Working data Block Start

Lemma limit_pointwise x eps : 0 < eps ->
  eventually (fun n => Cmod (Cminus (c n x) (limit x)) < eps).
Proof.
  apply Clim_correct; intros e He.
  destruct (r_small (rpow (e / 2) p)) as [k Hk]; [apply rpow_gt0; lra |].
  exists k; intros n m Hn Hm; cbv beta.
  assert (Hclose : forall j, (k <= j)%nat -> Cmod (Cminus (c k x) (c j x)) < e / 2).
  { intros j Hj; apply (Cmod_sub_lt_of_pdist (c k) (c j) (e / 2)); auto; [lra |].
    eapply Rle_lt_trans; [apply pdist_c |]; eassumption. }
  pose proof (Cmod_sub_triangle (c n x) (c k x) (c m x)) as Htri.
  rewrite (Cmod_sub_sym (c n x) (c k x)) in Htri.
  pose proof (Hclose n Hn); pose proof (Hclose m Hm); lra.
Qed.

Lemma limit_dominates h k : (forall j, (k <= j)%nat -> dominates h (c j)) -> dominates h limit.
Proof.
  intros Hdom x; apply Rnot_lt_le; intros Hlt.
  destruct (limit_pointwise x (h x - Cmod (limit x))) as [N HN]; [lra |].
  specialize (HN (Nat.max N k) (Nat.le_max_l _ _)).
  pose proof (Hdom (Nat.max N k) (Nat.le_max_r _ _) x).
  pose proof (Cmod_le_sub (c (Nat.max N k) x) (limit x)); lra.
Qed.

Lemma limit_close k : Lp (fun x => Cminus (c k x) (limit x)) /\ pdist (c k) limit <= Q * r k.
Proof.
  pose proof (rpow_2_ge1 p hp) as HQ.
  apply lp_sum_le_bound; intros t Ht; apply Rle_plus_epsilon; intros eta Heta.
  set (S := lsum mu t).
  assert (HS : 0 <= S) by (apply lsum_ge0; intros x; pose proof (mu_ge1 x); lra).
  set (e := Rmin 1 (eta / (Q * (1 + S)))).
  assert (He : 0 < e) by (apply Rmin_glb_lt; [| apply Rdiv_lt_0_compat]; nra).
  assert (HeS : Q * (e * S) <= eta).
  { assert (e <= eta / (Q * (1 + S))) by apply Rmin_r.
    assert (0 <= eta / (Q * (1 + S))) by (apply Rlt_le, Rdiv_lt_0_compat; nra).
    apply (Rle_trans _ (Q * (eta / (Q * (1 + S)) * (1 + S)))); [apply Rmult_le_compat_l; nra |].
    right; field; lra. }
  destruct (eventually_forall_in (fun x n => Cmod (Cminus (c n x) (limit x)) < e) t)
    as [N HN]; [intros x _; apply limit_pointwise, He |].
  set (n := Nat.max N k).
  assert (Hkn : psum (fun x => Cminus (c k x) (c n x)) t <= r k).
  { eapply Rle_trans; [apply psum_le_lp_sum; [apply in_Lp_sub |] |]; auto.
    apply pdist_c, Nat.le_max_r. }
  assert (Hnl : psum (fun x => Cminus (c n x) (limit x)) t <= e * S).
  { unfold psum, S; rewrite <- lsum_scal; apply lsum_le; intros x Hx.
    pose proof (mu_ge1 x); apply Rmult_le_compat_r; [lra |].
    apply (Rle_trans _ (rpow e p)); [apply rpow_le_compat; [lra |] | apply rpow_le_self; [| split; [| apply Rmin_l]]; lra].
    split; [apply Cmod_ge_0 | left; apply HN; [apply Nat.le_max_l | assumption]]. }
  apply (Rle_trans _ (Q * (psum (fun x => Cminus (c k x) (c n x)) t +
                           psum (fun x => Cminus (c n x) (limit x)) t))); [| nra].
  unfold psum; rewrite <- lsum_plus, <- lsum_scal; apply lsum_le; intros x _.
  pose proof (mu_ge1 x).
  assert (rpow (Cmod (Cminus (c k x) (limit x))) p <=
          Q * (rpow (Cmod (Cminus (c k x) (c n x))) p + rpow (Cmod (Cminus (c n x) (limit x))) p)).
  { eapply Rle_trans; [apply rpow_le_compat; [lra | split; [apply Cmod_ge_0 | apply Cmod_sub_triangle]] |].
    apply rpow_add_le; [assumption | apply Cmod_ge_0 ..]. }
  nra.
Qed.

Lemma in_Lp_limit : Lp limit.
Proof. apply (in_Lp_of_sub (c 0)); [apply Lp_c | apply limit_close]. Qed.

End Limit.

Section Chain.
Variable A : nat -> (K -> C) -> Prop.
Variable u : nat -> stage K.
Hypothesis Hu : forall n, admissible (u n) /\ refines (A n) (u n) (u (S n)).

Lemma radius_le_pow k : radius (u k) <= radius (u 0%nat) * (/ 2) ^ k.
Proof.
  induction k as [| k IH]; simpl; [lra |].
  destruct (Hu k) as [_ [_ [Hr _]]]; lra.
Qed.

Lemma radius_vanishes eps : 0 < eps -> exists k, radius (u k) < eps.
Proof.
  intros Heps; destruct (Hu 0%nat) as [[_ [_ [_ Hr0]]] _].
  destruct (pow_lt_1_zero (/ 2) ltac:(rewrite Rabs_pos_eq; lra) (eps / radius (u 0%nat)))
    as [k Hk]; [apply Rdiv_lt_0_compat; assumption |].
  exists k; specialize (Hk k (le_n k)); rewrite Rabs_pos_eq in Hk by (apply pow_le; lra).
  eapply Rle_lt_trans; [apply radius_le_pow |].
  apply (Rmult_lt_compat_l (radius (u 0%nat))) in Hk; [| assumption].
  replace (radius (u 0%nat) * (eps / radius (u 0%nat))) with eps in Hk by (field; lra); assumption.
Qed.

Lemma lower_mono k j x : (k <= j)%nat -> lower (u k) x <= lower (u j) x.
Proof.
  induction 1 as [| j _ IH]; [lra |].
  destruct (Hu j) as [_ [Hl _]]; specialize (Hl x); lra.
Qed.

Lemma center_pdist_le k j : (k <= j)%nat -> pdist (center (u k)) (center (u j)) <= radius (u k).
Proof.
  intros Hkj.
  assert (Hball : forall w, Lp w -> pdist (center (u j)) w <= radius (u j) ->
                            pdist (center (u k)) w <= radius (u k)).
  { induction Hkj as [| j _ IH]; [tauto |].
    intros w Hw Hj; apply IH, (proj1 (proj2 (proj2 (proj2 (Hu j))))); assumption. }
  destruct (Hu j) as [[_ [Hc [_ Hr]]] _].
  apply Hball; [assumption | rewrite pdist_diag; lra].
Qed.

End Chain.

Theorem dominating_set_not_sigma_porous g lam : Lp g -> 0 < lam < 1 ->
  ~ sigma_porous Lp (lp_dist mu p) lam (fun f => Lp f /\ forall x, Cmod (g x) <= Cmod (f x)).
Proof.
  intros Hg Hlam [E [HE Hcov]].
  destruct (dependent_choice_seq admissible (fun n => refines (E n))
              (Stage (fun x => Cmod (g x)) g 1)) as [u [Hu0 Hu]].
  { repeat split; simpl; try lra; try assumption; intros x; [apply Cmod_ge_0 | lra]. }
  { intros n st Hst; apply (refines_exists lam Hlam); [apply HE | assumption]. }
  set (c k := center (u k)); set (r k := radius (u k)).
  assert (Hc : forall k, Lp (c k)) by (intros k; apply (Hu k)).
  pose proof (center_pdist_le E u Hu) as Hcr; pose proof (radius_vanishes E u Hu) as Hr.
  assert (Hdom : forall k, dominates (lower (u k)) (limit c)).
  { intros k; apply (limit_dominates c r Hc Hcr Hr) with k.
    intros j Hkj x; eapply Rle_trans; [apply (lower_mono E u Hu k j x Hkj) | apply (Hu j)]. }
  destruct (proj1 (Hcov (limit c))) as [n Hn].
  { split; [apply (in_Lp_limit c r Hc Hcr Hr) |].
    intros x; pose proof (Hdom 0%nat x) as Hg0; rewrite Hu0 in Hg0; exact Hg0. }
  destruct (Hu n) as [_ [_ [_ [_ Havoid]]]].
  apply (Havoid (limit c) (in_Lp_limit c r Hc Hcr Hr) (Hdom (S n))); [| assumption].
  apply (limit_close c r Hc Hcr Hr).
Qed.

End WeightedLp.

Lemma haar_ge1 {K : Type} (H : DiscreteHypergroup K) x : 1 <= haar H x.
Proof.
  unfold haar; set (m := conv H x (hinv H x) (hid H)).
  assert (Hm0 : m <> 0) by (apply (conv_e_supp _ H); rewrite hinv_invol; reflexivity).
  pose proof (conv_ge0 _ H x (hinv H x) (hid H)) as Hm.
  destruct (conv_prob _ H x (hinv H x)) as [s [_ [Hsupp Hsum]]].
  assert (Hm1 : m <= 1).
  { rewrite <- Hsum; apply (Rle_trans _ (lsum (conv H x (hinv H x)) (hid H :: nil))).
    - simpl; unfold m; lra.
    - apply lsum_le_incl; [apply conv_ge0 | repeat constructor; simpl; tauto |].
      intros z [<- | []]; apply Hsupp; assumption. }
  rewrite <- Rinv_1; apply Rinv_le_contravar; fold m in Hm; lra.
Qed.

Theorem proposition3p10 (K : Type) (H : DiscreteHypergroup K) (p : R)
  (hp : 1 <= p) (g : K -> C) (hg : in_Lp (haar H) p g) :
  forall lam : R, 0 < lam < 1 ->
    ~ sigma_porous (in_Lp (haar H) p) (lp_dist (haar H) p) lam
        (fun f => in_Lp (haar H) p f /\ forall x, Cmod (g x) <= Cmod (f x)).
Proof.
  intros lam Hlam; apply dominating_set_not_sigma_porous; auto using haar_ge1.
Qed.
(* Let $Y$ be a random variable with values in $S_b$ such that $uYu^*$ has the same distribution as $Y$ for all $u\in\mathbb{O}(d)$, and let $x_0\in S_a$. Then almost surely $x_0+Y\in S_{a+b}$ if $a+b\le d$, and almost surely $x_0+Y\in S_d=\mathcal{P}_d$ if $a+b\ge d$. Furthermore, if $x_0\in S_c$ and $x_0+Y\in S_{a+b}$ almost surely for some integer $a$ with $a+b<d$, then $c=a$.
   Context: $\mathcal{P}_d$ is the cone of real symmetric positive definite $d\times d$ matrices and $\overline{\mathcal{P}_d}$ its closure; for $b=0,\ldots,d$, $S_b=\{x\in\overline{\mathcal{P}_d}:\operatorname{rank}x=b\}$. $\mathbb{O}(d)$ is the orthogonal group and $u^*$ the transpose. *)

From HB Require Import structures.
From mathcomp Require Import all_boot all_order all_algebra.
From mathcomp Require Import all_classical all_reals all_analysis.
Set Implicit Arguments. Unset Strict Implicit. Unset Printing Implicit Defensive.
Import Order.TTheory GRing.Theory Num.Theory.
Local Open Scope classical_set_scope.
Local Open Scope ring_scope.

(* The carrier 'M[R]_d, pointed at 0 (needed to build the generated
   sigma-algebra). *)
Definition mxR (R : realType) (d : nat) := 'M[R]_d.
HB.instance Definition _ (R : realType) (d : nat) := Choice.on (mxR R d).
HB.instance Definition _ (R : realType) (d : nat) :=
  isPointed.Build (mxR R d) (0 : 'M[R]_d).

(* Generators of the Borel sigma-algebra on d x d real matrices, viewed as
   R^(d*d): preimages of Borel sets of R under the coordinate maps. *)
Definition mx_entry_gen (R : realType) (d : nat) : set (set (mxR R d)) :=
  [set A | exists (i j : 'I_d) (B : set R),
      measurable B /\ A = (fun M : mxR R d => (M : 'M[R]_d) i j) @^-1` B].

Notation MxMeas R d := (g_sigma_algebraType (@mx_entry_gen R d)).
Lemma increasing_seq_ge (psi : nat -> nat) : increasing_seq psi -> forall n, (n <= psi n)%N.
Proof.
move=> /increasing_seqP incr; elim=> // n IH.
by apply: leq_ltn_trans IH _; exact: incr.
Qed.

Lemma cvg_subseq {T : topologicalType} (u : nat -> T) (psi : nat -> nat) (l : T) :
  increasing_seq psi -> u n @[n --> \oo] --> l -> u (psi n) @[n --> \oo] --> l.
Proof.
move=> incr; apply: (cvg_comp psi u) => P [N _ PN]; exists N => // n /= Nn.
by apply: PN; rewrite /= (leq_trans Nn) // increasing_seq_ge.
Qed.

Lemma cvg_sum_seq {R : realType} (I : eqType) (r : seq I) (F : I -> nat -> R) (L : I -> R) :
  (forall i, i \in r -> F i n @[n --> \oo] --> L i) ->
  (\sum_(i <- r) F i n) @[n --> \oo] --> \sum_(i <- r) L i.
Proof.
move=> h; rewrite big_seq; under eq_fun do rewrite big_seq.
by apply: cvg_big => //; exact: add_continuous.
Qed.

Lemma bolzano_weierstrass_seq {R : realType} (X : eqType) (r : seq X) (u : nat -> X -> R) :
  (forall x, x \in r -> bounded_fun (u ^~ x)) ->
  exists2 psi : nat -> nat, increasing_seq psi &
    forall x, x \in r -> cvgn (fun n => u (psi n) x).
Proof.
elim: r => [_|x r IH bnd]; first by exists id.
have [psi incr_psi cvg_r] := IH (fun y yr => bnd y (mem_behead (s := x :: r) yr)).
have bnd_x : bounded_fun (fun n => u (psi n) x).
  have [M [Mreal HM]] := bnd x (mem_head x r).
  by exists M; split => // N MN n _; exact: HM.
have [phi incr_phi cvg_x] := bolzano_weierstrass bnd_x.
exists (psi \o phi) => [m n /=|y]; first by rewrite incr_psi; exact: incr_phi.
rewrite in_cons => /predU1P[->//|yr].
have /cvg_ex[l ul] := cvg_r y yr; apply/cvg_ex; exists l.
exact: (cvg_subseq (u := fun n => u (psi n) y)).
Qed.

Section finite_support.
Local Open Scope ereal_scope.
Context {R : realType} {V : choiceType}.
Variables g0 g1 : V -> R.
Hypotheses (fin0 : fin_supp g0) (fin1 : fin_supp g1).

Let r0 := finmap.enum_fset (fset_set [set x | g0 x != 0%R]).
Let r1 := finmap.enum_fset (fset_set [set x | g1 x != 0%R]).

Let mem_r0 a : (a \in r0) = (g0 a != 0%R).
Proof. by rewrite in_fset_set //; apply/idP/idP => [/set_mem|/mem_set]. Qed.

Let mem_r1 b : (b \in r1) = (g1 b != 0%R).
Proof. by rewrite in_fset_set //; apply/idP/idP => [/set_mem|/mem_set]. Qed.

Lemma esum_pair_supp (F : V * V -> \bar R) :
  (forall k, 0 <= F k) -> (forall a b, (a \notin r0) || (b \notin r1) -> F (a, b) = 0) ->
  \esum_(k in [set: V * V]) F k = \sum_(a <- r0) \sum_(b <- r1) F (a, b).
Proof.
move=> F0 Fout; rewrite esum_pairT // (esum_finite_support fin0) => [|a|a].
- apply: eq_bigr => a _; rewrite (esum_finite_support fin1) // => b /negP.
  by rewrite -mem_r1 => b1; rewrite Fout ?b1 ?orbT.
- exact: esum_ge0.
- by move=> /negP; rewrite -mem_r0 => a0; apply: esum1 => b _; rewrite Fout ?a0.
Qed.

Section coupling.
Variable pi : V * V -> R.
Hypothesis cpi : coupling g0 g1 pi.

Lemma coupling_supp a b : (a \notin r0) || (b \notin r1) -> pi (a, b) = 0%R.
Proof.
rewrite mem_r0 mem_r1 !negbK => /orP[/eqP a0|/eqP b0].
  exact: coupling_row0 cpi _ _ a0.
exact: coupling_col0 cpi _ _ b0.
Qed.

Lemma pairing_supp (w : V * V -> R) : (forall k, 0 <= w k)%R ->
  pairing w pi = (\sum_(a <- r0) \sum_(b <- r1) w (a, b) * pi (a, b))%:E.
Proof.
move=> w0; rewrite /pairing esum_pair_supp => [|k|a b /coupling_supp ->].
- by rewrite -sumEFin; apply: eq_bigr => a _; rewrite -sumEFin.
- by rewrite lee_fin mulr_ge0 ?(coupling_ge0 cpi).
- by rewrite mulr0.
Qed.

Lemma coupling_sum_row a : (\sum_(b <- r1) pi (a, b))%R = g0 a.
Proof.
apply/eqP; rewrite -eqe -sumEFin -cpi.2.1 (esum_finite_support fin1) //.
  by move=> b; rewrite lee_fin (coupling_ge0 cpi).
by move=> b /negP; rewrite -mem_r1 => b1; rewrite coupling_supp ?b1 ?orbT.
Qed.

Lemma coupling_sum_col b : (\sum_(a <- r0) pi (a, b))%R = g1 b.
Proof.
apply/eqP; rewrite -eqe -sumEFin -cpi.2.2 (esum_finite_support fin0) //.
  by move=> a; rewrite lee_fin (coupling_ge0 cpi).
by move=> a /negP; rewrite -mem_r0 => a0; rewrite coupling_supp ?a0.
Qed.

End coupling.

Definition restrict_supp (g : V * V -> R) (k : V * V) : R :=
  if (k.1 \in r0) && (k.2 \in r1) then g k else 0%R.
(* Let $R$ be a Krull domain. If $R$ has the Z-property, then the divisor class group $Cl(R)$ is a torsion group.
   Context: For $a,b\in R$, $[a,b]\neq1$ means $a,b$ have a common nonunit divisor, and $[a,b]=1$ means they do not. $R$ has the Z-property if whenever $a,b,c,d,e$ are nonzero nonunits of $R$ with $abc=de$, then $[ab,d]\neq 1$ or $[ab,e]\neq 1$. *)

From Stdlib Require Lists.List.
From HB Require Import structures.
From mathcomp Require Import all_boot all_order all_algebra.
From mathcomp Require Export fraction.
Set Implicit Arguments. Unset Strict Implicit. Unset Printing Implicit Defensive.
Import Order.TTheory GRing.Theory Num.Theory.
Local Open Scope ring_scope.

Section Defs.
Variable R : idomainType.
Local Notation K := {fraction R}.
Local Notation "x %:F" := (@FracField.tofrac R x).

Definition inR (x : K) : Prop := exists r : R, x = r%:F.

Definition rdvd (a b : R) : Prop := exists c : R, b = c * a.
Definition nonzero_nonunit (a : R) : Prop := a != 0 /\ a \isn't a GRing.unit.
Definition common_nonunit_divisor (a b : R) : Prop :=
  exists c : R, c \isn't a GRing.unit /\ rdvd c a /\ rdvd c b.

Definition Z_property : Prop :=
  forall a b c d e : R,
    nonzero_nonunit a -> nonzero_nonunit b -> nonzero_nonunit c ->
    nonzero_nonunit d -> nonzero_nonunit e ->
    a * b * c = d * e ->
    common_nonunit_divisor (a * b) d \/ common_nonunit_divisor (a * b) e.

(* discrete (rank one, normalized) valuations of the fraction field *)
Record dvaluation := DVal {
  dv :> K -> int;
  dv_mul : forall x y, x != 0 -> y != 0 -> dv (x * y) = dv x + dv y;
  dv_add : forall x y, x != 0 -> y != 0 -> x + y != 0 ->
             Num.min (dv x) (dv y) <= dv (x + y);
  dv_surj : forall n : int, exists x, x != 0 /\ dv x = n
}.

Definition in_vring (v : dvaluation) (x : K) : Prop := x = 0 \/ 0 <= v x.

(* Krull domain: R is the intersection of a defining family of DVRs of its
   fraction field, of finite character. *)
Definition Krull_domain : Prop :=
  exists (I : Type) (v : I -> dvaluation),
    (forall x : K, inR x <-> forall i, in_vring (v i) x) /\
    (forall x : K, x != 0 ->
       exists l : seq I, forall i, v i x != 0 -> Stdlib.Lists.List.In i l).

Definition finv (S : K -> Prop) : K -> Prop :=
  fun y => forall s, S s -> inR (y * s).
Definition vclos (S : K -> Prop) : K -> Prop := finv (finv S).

Working data Block End

What you need to do —
Above are the entries. Quote exactly the lines from the one bearing "intros z [<- |" through the one bearing "(* Generators of".

The completed task —
      intros z [<- | []]; apply Hsupp; assumption. }
  rewrite <- Rinv_1; apply Rinv_le_contravar; fold m in Hm; lra.
Qed.

Theorem proposition3p10 (K : Type) (H : DiscreteHypergroup K) (p : R)
  (hp : 1 <= p) (g : K -> C) (hg : in_Lp (haar H) p g) :
  forall lam : R, 0 < lam < 1 ->
    ~ sigma_porous (in_Lp (haar H) p) (lp_dist (haar H) p) lam
        (fun f => in_Lp (haar H) p f /\ forall x, Cmod (g x) <= Cmod (f x)).
Proof.
  intros lam Hlam; apply dominating_set_not_sigma_porous; auto using haar_ge1.
Qed.
(* Let $Y$ be a random variable with values in $S_b$ such that $uYu^*$ has the same distribution as $Y$ for all $u\in\mathbb{O}(d)$, and let $x_0\in S_a$. Then almost surely $x_0+Y\in S_{a+b}$ if $a+b\le d$, and almost surely $x_0+Y\in S_d=\mathcal{P}_d$ if $a+b\ge d$. Furthermore, if $x_0\in S_c$ and $x_0+Y\in S_{a+b}$ almost surely for some integer $a$ with $a+b<d$, then $c=a$.
   Context: $\mathcal{P}_d$ is the cone of real symmetric positive definite $d\times d$ matrices and $\overline{\mathcal{P}_d}$ its closure; for $b=0,\ldots,d$, $S_b=\{x\in\overline{\mathcal{P}_d}:\operatorname{rank}x=b\}$. $\mathbb{O}(d)$ is the orthogonal group and $u^*$ the transpose. *)

From HB Require Import structures.
From mathcomp Require Import all_boot all_order all_algebra.
From mathcomp Require Import all_classical all_reals all_analysis.
Set Implicit Arguments. Unset Strict Implicit. Unset Printing Implicit Defensive.
Import Order.TTheory GRing.Theory Num.Theory.
Local Open Scope classical_set_scope.
Local Open Scope ring_scope.

(* The carrier 'M[R]_d, pointed at 0 (needed to build the generated
   sigma-algebra). *)
Definition mxR (R : realType) (d : nat) := 'M[R]_d.
HB.instance Definition _ (R : realType) (d : nat) := Choice.on (mxR R d).
HB.instance Definition _ (R : realType) (d : nat) :=
  isPointed.Build (mxR R d) (0 : 'M[R]_d).

(* Generators of the Borel sigma-algebra on d x d real matrices, viewed as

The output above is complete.